9 thoughts on “What is a gerund in English? Definition, functions and examples”

  1. Dear Ashish,
    You are born teacher. Thanks for what you have created for us in the world of grammar. Could you please clarify this doubt?
    I am petrified of hiking in the mountains. (gerund phrase)

    I believe “petrified” is an adjective. Then, how does the prepositional phrase “of hiking in the mountains” function here. From your classes, I have learned that a prepositional Phrase functions as either an adjective or like an adverb. How does it function here? Thanks for all that you have done for people who need genuine teacher on the subject of grammar.

    • Hello Anand,

      Thank you for the warm words. To answer your question, ‘hiking’ is not an adjective in the sentence. It is a noun (gerund). The prepositional phrase (of hiking) is an adjective complement (adverb). Even if the prepositional phrase was functioning as an adjective, ‘hiking’ would still be a noun, an object of the preposition ‘of’.

      The function of a prepositional phrase is different from the function of its elements.

      Ex – My dream of teaching in his school means a lot to me.

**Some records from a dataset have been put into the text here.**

(* Let $(G,u,v,\alpha,\beta)$ be a Guvab with $\beta=1$. If there exists $N\ge0$ such that $\{W_n\}_{n\ge N}$ is a constant sequence, then $\{W_n\}_{n\ge1}$ is a constant sequence.
   Context: A Guvab is a tuple $(G,u,v,\alpha,\beta)$ where $G$ is a finite, connected, simple graph, $u,v\in V(G)$, and $\alpha,\beta\in[0,1]$ with $\alpha\le\beta$. A random walk on $G$ with starting vertex $w$ and laziness $\gamma$ is the Markov chain $R_0=w$ and, for $i\ge1$, $R_i=R_{i-1}$ with probability $\gamma$ and $R_i=t$ with probability $\frac{1-\gamma}{\deg(R_{i-1})}$ for each neighbor $t$ of $R_{i-1}$. $\mu_n$ is the distribution after $n$ steps of the walk from $u$ with laziness $\alpha$, $\nu_n$ that of the walk from $v$ with laziness $\beta$, and $W_n=W(\mu_n,\nu_n)$ is the Wasserstein ($L^1$ optimal transport) distance with respect to the graph distance. *)

From HB Require Import structures.
From mathcomp Require Import all_boot all_order all_algebra.
From mathcomp Require Import boolp classical_sets reals.
Set Implicit Arguments. Unset Strict Implicit. Unset Printing Implicit Defensive.
Import Order.TTheory GRing.Theory Num.Theory.
Local Open Scope ring_scope.
Local Open Scope classical_set_scope.

Definition simple_graph (T : finType) (e : rel T) : Prop :=
  symmetric e /\ irreflexive e.
Definition connected_graph (T : finType) (e : rel T) : Prop :=
  forall x y : T, connect e x y.

Fixpoint gball (T : finType) (e : rel T) (n : nat) (x : T) : {set T} :=
  match n with
  | 0 => [set x]
  | n'.+1 => gball e n' x :|: [set y | [exists z in gball e n' x, e z y]]
  end.

(* graph distance: least n with y in the n-ball of x (searched among
   0 .. #|T|-1, which suffices in a connected graph) *)
Definition gdist (T : finType) (e : rel T) (x y : T) : nat :=
  find (fun n => y \in gball e n x) (iota 0 #|T|).

Definition deg (T : finType) (e : rel T) (x : T) : nat := #|[set z | e x z]|.

Definition dirac (R : realType) (T : finType) (w : T) : {ffun T -> R} :=
  [ffun x => if x == w then 1 else 0].

Definition walk_step (R : realType) (T : finType) (e : rel T) (g : R)
  (p : {ffun T -> R}) : {ffun T -> R} :=
  [ffun y => g * p y + \sum_(x | e x y) p x * ((1 - g) / (deg e x)%:R)].

Definition walk_dist (R : realType) (T : finType) (e : rel T) (w : T) (g : R)
  (n : nat) : {ffun T -> R} := iter n (walk_step e g) (dirac R w).

Definition coupling (R : realType) (T : finType) (mu nu : {ffun T -> R})
  (pi : {ffun T * T -> R}) : Prop :=
  (forall xy, 0 <= pi xy) /\
  (forall x, \sum_(y : T) pi (x, y) = mu x) /\
  (forall y, \sum_(x : T) pi (x, y) = nu y).

Definition transport_cost (R : realType) (T : finType) (e : rel T)
  (pi : {ffun T * T -> R}) : R :=
  \sum_(xy : T * T) pi xy * (gdist e xy.1 xy.2)%:R.

Definition wasserstein (R : realType) (T : finType) (e : rel T)
  (mu nu : {ffun T -> R}) : R :=
  inf [set c : R | exists pi, coupling mu nu pi /\ c = transport_cost e pi].

Definition Wn (R : realType) (T : finType) (e : rel T) (u v : T) (alpha beta : R)
  (n : nat) : R :=
  wasserstein e (walk_dist e u alpha n) (walk_dist e v beta n).
Lemma chord_le_increasing x : I x -> (x - x0) / (x1 - x0) - 1 <= f x - f x0.
Proof.
move=> [x0x xxf]; rewrite lte_fin in x0x.
have L_gt0 : 0 < x1 - x0 by rewrite subr_gt0.
have [xx1|x1x] := leP x x1.
  have := increasing_derive_lt (lexx x0) x0x (ltW xxf).
  have : (x - x0) / (x1 - x0) <= 1 by rewrite ler_pdivrMr // mul1r lerD2r.
  lra.
have f_cont := continuous_subspaceT (is_derive_continuous f_der).
have [c1 /[!in_itv]/= /andP[x0c1 c1x1] E1] := MVT x0x1 (fun z _ => f_der z) (f_cont _).
have [c2 /[!in_itv]/= /andP[x1c2 c2x] E2] := MVT x1x (fun z _ => f_der z) (f_cont _).
have c1_in : I c1 by apply: in_I => //; apply: lt_le_trans x1xf; rewrite lte_fin.
have c2_in : I c2.
  by apply: in_I; [exact: lt_trans x0x1 x1c2 | apply: lt_trans xxf; rewrite lte_fin].
have df_c12 := df_incr _ _ c1_in c2_in (lt_trans c1x1 x1c2).
have -> : (x1 - x0)^-1 = df c1.
  by apply: (mulIf (lt0r_neq0 L_gt0)); rewrite mulVf ?gt_eqF // -E1 f_x1; ring.
have : 0 <= (df c2 - df c1) * (x - x1) by rewrite mulr_ge0 // subr_ge0 ltW.
move: E1 E2; rewrite f_x1; nra.
Qed.

Lemma integral_expRN_le_increasing :
  (\int[mu]_(x in I) (expR (- f x))%:E <=
   (expR 1 * (expR (- f x0) * (x1 - x0)))%:E)%E.
Proof.
set L := x1 - x0; have L_gt0 : 0 < L by rewrite subr_gt0.
pose ramp x := f x0 - 1 + (x - x0) / L.
have ramp_cont : continuous ramp := is_derive_continuous (is_derive_ramp _ _ _).
apply: (@le_trans _ _ (\int[mu]_(x in I) (expR (- ramp x))%:E)%E).
  apply: ge0_le_integral => //.
  - exact: measurable_eoitv.
  - exact: measurable_fun_expRN (is_derive_continuous f_der).
  - exact: measurable_fun_expRN.
  - by move=> x /chord_le_increasing; rewrite lee_fin ler_expR /ramp; lra.
apply: (@le_trans _ _ (\int[mu]_(x in `[x0, +oo[) (expR (- ramp x))%:E)%E).
  apply: ge0_subset_integral => //; first exact: measurable_eoitv.
    exact: measurable_fun_expRN.
  by move=> x [x0x _]; rewrite /= in_itv /= andbT ltW // -lte_fin.
by rewrite integral_expR_decay // opprB expRD mulrA.
Qed.

End increasing_derivative.

Section approx_integral.
Context {R : realType}.
Local Notation mu := (@lebesgue_measure R).
Fact cfTrunc_subproof : is_class_fun <<(H / K)%g>> ffun_Trunc.
Proof.
rewrite genGid; apply: intro_class_fun => [|C /negPf nC]; last first.
  by rewrite nC.
move=> _ _ /morphimP[x Nx Hx ->] /morphimP[y Ny Hy ->].
rewrite -morphJ //= ?mem_morphim ?groupJ //=.
case sHG: (H \subset G); last by [].
congr (_ *+ _); congr (_ * _).
rewrite (val_coset (groupJ Nx Ny)) (val_coset Nx).
have ->: K :* x ^ y = (K :* x) :^ y by rewrite conjsMg conjg_set1 (normP Ny).
rewrite /conjugate big_imset /=; last by move=> a b _ _; apply: conjg_inj.
apply: eq_bigr => z _; rewrite cfunJ //; exact: (subsetP sHG).
Qed.

Definition cfTrunc : 'CF((H / K)%g) := Cfun 1 cfTrunc_subproof.

End Truncation.

(* For a complement T of K in H (H = K T), the truncation viewed as a class
   function of T via the isomorphism T ~= H/K, t |-> tK. *)
Definition cfTruncT (gT : finGroupType) (G H K T : {group gT}) (eta : 'CF(G))
  : 'CF(T) := 'Res[T] (cfMod (cfTrunc H K eta)).

From HB Require Import structures.
From mathcomp Require Import all_boot all_order all_algebra all_fingroup
  all_solvable all_field all_character.
Import GroupScope GRing.Theory Num.Theory.

(* The heart of the proof is that Harish-Chandra induction from T0 is
   W0-invariant: for psi in 'CF(T0) and n in N, Ind_B^G (psi^n inflated to B)
   equals Ind_B^G (psi inflated).  We derive it from
   1. the Bruhat decomposition G = disjoint union of the double cosets BnB,
      n running over N/T0, established from the BN-pair axioms alone;
   2. the Mackey-type formula
        '[Ind infl a, Ind infl b] = |T0|^-1 sum_(n in N) '[a, b^(n^-1)],
      obtained by summing over the Bruhat cells, the inner sum on a cell BnB
      being computed through the factorisation B = U T0;
   3. a norm computation: the formula makes '[X, Y], '[X] and '[Y] equal, for
      X and Y the two induced characters, so '[X - Y] = 0.
   The truncation is adjoint to this induction ('[trunc chi, psi] =
   '[chi, Ind infl psi]), so its multiplicities are W0-invariant; its degree
   is chi(1)/|U| because chi vanishes on U^#.  Counting the W0-orbit of beta
   among the constituents of the truncation then gives the bound. *)

Set Implicit Arguments.
Unset Strict Implicit.
Unset Printing Implicit Defensive.

Section SdprodSum.
Local Open Scope ring_scope.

      In the example, ‘of teaching in his school’ is a prepositional phrase working as an adjective, modifying the noun ‘dream’. In this phrase, ‘of’ is the prepositional, and teaching in his school is a gerund phrase (noun), object of the preposition. Understand that the entire prepositional phrase is working as an adjective, not its parts. If we further break it down, we find that ‘teacher’ is the gerund (noun) and ‘in his school is an adverb in the prepositional phrase, modifying the verb ‘teaching’, telling us where the action happens. Similarly, we can break it down too.

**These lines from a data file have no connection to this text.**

(* For arbitrary nonnegative rates $p_1,\dots,p_n,q_1,\dots,q_n$, the Markov chain on $\Omega_{L,n}$ lumps to the one-dimensional ASEP on $\Psi_{L,n}$ via the map $\Pi$: for every $\omega\in\Omega_{L,n}$ and every $\psi\in\Psi_{L,n}$ with $\psi\neq\Pi(\omega)$, the sum of the transition rates from $\omega$ to configurations in $\Pi^{-1}(\psi)$ equals the ASEP transition rate from $\Pi(\omega)$ to $\psi$. In particular the image under $\Pi$ of the chain on $\Omega_{L,n}$ is the ASEP on $\Psi_{L,n}$.
   Context: Fix $1\le n\le L$. Particle labels $k$ are taken modulo $n$, positions modulo $L$. $\Omega_{L,n}$ is the set of words $w_1\cdots w_L$ on the ring $\mathbb{Z}/L\mathbb{Z}$ over the alphabet $\{\bullet_1,\dots,\bullet_n,\Box_1,\dots,\Box_n\}$ in which each $\bullet_k$ occurs exactly once, the letters $\bullet_1,\dots,\bullet_n$ appear in this cyclic order, and the remaining $L-n$ letters are arbitrary $\Box_i$'s. The chain on $\Omega_{L,n}$ has transitions (displayed segments are consecutive positions, rest unchanged, $C$ a possibly empty word in the $\Box$-letters): (T1) $\bullet_k\Box_i \to \Box_i\bullet_k$ at rate $p_k$, if $i\neq k$; (T2) $\bullet_{k-1}\,C\,\bullet_k\Box_k \to \bullet_{k-1}\Box_{k-1}\,C\,\bullet_k$ at rate $p_k$; (T3) $\Box_i\bullet_k \to \bullet_k\Box_i$ at rate $q_k$, if $i\neq k$; (T4) $\Box_k\bullet_k\,C\,\bullet_{k+1} \to \bullet_k\,C\,\Box_{k+1}\bullet_{k+1}$ at rate $q_k$. $\Psi_{L,n}$ is the set of words on the ring $\mathbb{Z}/L\mathbb{Z}$ containing each of $\bullet_1,\dots,\bullet_n$ exactly once in this cyclic order and $L-n$ vacancies $\Box$. The ASEP on $\Psi_{L,n}$ has only the transitions $\bullet_k\Box\to\Box\bullet_k$ at rate $p_k$ and $\Box\bullet_k\to\bullet_k\Box$ at rate $q_k$ (on consecutive positions). The map $\Pi:\Omega_{L,n}\to\Psi_{L,n}$ replaces every letter $\Box_i$ by $\Box$. *)

From mathcomp Require Import all_boot all_order all_algebra.
Set Implicit Arguments. Unset Strict Implicit. Unset Printing Implicit Defensive.
Import Order.TTheory GRing.Theory Num.Theory.

Definition radd (L : nat) (x : 'I_L) (d : nat) : 'I_L :=
  Ordinal (ltn_pmod (x + d) (leq_ltn_trans (leq0n x) (ltn_ord x))).

Definition rpred (L : nat) (x : 'I_L) : 'I_L := radd x (L - 1).

Definition off (L : nat) (a x : 'I_L) : nat := (x + L - a) %% L.

(* labels k+1 and k-1 modulo n (labels are 0,...,n-1 instead of 1,...,n) *)
Definition lsucc (n : nat) (k : 'I_n) : 'I_n := radd k 1.
Definition lpred (n : nat) (k : 'I_n) : 'I_n := rpred k.

(* Omega alphabet: inl k = bullet_k, inr i = Box_i *)
Definition OLetter (n : nat) := ('I_n + 'I_n)%type.
(* Psi alphabet: inl k = bullet_k, inr tt = Box (vacancy) *)
Definition PLetter (n : nat) := ('I_n + unit)%type.

Definition OWord (n L : nat) := {ffun 'I_L -> OLetter n}.
Definition PWord (n L : nat) := {ffun 'I_L -> PLetter n}.

Definition lbul (n : nat) (B : Type) (c : ('I_n + B)%type) : option 'I_n :=
  match c with inl k => Some k | inr _ => None end.

(* A word on the ring Z/LZ containing each bullet_k exactly once and in which the
   bullets appear in the cyclic order 1,2,...,n: the first bullet met strictly
   clockwise after bullet_k (after d steps, 0 < d <= L) is bullet_{k+1}. *)
Definition valid_word (n L : nat) (B : finType) (w : {ffun 'I_L -> ('I_n + B)%type}) : bool :=
  [forall k : 'I_n, #|[set x | lbul (w x) == Some k]| == 1] &&
  [forall x : 'I_L, forall k : 'I_n, (lbul (w x) == Some k) ==>
     [exists d : 'I_L,
        (lbul (w (radd x d.+1)) == Some (lsucc k)) &&
        [forall e : 'I_L, (e < d) ==> (lbul (w (radd x e.+1)) == None)]]].

Definition inOmega (n L : nat) (w : OWord n L) : bool := valid_word w.
Definition inPsi (n L : nat) (w : PWord n L) : bool := valid_word w.

Definition Pi (n L : nat) (w : OWord n L) : PWord n L :=
  [ffun x => match w x with inl k => inl k | inr _ => inr tt end].

Definition swapw (L : nat) (A : finType) (w : {ffun 'I_L -> A}) (x y : 'I_L)
  : {ffun 'I_L -> A} :=
  [ffun z => if z == x then w y else if z == y then w x else w z].

Definition is_box (n : nat) (c : OLetter n) : bool := lbul c == None.

(* (T1) bullet_k Box_i -> Box_i bullet_k, i <> k, bullet_k at position j *)
Definition t1_app (n L : nat) (w : OWord n L) (k : 'I_n) (j : 'I_L) : bool :=
  (w j == inl k) &&
  (match w (radd j 1) with inr i => i != k | inl _ => false end).
Definition t1_res (n L : nat) (w : OWord n L) (j : 'I_L) : OWord n L :=
  swapw w j (radd j 1).

(* (T2) bullet_{k-1} C bullet_k Box_k -> bullet_{k-1} Box_{k-1} C bullet_k,
   bullet_k at position j, bullet_{k-1} at position a;
   C occupies the m positions a+1,...,a+m, where m = off a j - 1 (n >= 2);
   for n = 1 (a = j) C is the rest of the ring, m = L - 1. *)
Definition t2_len (L : nat) (a j : 'I_L) : nat := (off a j + L - 1) %% L.
Definition t2_app (n L : nat) (w : OWord n L) (k : 'I_n) (j a : 'I_L) : bool :=
  [&& w j == inl k, w (radd j 1) == inr k, w a == inl (lpred k) &
      [forall t : 'I_L, (0 < t <= t2_len a j) ==> is_box (w (radd a t))]].
Definition t2_res (n L : nat) (w : OWord n L) (k : 'I_n) (j a : 'I_L) : OWord n L :=
  [ffun x => if x == radd j 1 then inl k
             else if x == radd a 1 then inr (lpred k)
             else if 0 < off (radd a 1) x <= t2_len a j then w (rpred x)
             else w x].

(* (T3) Box_i bullet_k -> bullet_k Box_i, i <> k, bullet_k at position j *)
Definition t3_app (n L : nat) (w : OWord n L) (k : 'I_n) (j : 'I_L) : bool :=
  (w j == inl k) &&
  (match w (rpred j) with inr i => i != k | inl _ => false end).
Definition t3_res (n L : nat) (w : OWord n L) (j : 'I_L) : OWord n L :=
  swapw w (rpred j) j.

(* (T4) Box_k bullet_k C bullet_{k+1} -> bullet_k C Box_{k+1} bullet_{k+1},
   bullet_k at position j, bullet_{k+1} at position b;
   C occupies the m positions j+1,...,j+m, m = off j b - 1 (n >= 2);
   for n = 1 (b = j), m = L - 1. *)
Definition t4_app (n L : nat) (w : OWord n L) (k : 'I_n) (j b : 'I_L) : bool :=
  [&& w j == inl k, w (rpred j) == inr k, w b == inl (lsucc k) &
      [forall t : 'I_L, (0 < t <= t2_len j b) ==> is_box (w (radd j t))]].
Definition t4_res (n L : nat) (w : OWord n L) (k : 'I_n) (j b : 'I_L) : OWord n L :=
  [ffun x => if x == rpred j then inl k
             else if x == rpred b then inr (lsucc k)
             else if off j x < t2_len j b then w (radd x 1)
             else w x].

Definition rateOmega (R : numDomainType) (n L : nat) (p q : 'I_n -> R)
  (w w' : OWord n L) : R :=
  \sum_(k : 'I_n) \sum_(j : 'I_L)
    ((if t1_app w k j && (t1_res w j == w') then p k else 0)
   + (\sum_(a : 'I_L) if t2_app w k j a && (t2_res w k j a == w') then p k else 0)
   + (if t3_app w k j && (t3_res w j == w') then q k else 0)
   + (\sum_(b : 'I_L) if t4_app w k j b && (t4_res w k j b == w') then q k else 0)).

      So, don’t confuse the functioning of a phrase with the functioning of its elements.

      • Thanks a million, Ashish. I didn’t know that the prepositional phrase was functioning as an adjective complement. Thank you for your immensely informative and helpful answer. We all love you. You are indeed creating a legacy when it comes to grammar.

        Wherever I search, be it on YouTube or Google, the top recommendations are your stuff, great in quality and in the comprehensive coverage of the ocean of English Grammar.

        Please keep up the good work. People need a great teacher (who knows exactly how to present information in an understandable way to any level of learner) like you more than ever, as the English language has increasingly become part and parcel of any kind of cultured societies and countries, especially in this modern day that is driven by internet and its platforms.

        I am also a big fan for your incredible ability to connect; I believe that can come only from a man who really cares about his students.

        Thank you.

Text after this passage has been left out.